Edgardo Cozarinsky
“No le impongas límites a tus sueños”, le dijo Nenea Costea a su sobrino Jean Negulescu cuando lo recibió en París, apenas salido de la adolescencia, recién llegado de Bucarest después de la Primera Guerra Mundial.
El joven se quería artista y muy pronto frecuentó a Modigliani, a Brancusi y a Pascin.

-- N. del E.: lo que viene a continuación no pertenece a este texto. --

(* Let $m,n,a$ be natural numbers with $m\geq 2$, $1\leq a\leq 9$ and $a\neq 6$. Then the equation $$B_n = a\left(\frac{10^m-1}{9}\right)$$ has no solution. That is, no balancing number is a decimal repdigit with at least two digits whose repeated digit differs from $6$.
   Context: The balancing sequence $(B_n)_{n\geq 0}$ is defined by $B_0=0$, $B_1=1$ and $B_{n+1}=6B_n-B_{n-1}$ for $n\geq 1$. For $1\le a\le 9$ and $m\ge 1$, the number $a\frac{10^m-1}{9}$ is the decimal integer consisting of $m$ copies of the digit $a$. *)

From mathcomp Require Import all_boot.

(* Balancing sequence: B_0 = 0, B_1 = 1, B_(n+2) = 6 B_(n+1) - B_n.
   Computed over nat; the sequence is nondecreasing so 6 B_(n+1) >= B_n and
   the truncated subtraction is exact. *)
Fixpoint balpair (n : nat) : nat * nat :=
  match n with
  | 0 => (0, 1)
  | k.+1 => let: (x, y) := balpair k in (y, 6 * y - x)
  end.

Definition B (n : nat) : nat := (balpair n).1.

Definition repdigit (a m : nat) : nat := a * ((10 ^ m - 1) %/ 9).

(* Modulo 220 = 4 * 5 * 11 the balancing numbers are periodic with period 12
   and take only twelve residues, while for m >= 2 the repunit (10^m - 1)/9
   is 11 or 111 modulo 220.  A direct check shows that a * 11 and a * 111 hit
   one of the twelve residues only for a = 6. *)
From mathcomp Require Import all_boot.
From mathcomp Require Import zify.

Lemma B_rec n : B n.+2 = 6 * B n.+1 - B n.
Proof. by rewrite /B /=; case: (balpair n). Qed.

Lemma B_leSn n : B n <= B n.+1.
Proof. by elim: n => // n IH; rewrite B_rec; lia. Qed.

Lemma iter_mod_period (T : Type) (f : T -> T) (x : T) p n :
  iter p f x = x -> iter n f x = iter (n %% p) f x.
Proof.
move=> fix_p; rewrite {1}(divn_eq n p) addnC iterD.
by rewrite iterM (iter_fix _ fix_p).
Qed.

Section BalancingModulo.

Variable d : nat.
Hypothesis d_gt0 : 0 < d.

(* [d - x] stands for [-x] modulo [d], which is correct because residues are
   below [d]; [d = 0] genuinely fails. *)
Definition balstep (xy : nat * nat) : nat * nat :=
  (xy.2, (6 * xy.2 + (d - xy.1)) %% d).

Lemma B_pair_mod n : (B n %% d, B n.+1 %% d) = iter n balstep (0, 1 %% d).
Proof.
elim: n => [|n IH]; first by rewrite /B /= mod0n.
rewrite iterS -IH /balstep /=; congr (_, _).
have le_B := B_leSn n.
rewrite B_rec -modnDml modnMmr modnDml.
have -> : 6 * B n.+1 + (d - B n %% d) = (B n %/ d).+1 * d + (6 * B n.+1 - B n).
  have := ltn_pmod (B n) d_gt0; have := divn_eq (B n) d.
  move: (B n %/ d) (B n %% d) => q r; lia.
by rewrite modnMDl.
Qed.

Lemma B_mod_periodic p n :
  iter p balstep (0, 1 %% d) = (0, 1 %% d) ->
  B n %% d = (iter (n %% p) balstep (0, 1 %% d)).1.
Proof. by move=> per; rewrite -(@iter_mod_period _ _ _ _ n per) -B_pair_mod. Qed.

End BalancingModulo.

Definition B_residues220 : seq nat :=
  [:: 0; 1; 6; 35; 204; 89; 110; 131; 16; 185; 214; 219].

Lemma B_mod220 n : B n %% 220 \in B_residues220.
Proof.
rewrite (@B_mod_periodic 220 _ 12) //.
have : n %% 12 < 12 by rewrite ltn_pmod.
by move: (n %% 12); do 12! case=> //.
Qed.

Definition repunit (m : nat) : nat := (10 ^ m - 1) %/ 9.

Lemma repunit_div9 r : (10 * (9 * r).+1 - 1) %/ 9 = 10 * r + 1.
Proof.
have -> : 10 * (9 * r).+1 - 1 = 9 * (10 * r + 1) by lia.
by rewrite mulKn.
Qed.

Lemma expn10_repunit m : 10 ^ m = (9 * repunit m).+1.
Proof.
elim: m => // m IH.
by rewrite [repunit _]/repunit !expnS IH repunit_div9; lia.
Qed.

Lemma repunitS m : repunit m.+1 = 10 * repunit m + 1.
Proof. by rewrite [repunit _]/repunit expnS expn10_repunit repunit_div9. Qed.

Lemma repunit_mod220 m : 2 <= m -> repunit m %% 220 \in [:: 11; 111].
Proof.
elim: m => // m IH; rewrite ltnS leq_eqVlt => /predU1P[<- // | /IH].
rewrite repunitS -modnDml -modnMmr !inE.
by case/orP=> /eqP ->.
Qed.

Theorem theorem1 (m n a : nat) :
  2 <= m -> 1 <= a <= 9 -> a != 6 -> B n <> repdigit a m.
Proof.
move=> m_ge2 a_digit a_neq6 Bn_eq.
have := B_mod220 n; rewrite Bn_eq /repdigit -/(repunit m) -modnMmr.
have := repunit_mod220 _ m_ge2; rewrite !inE => /orP[] /eqP ->.
all: by move: a a_digit a_neq6 {Bn_eq}; do 10! case=> //.
Qed.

La necesidad de ganarse la vida de manera no demasiado desagradable lo llevó a principios de los años 20 a Niza y al hotel Negresco, el palace de la Riviera, donde su mirada melancólica y su talento para el tango lo impusieron como gigolo-dansant. Sus funciones se limitaban a sacar a bailar a ricas señoras maduras, generalmente bajo la mirada aprobatoria de los maridos, a la hora del té. Las propinas eran generosas y entregadas con elegancia.
El
director del salón del Negresco le aconsejó al joven que guardara en el bolsillo
del pantalón la llave de su casilla del vestuario, cuya pesa metálica prometía
una forma viril considerable. Se solía bailar a una distancia respetuosa pero
el volumen visible y algún roce ocasional produjeron el efecto buscado: las señoras
solo querían bailar el tango con el joven rumano.
Años
más tarde, Jean (ahora Negulesco) hizo carrera como director en Hollywood e iba
a dirigir a bellezas célebres: Hedy Lamarr y Marilyn Monroe.
Su último film lo llevó de vuelta a Niza en 1970. Hospedado en una suite del Negresco, se le ocurrió un día contarle al director del hotel sus recuerdos de juventud; su interlocutor no se impresionó: “Ahora le paga el hotel la Fox… Una vez gigoló, siempre gigoló”.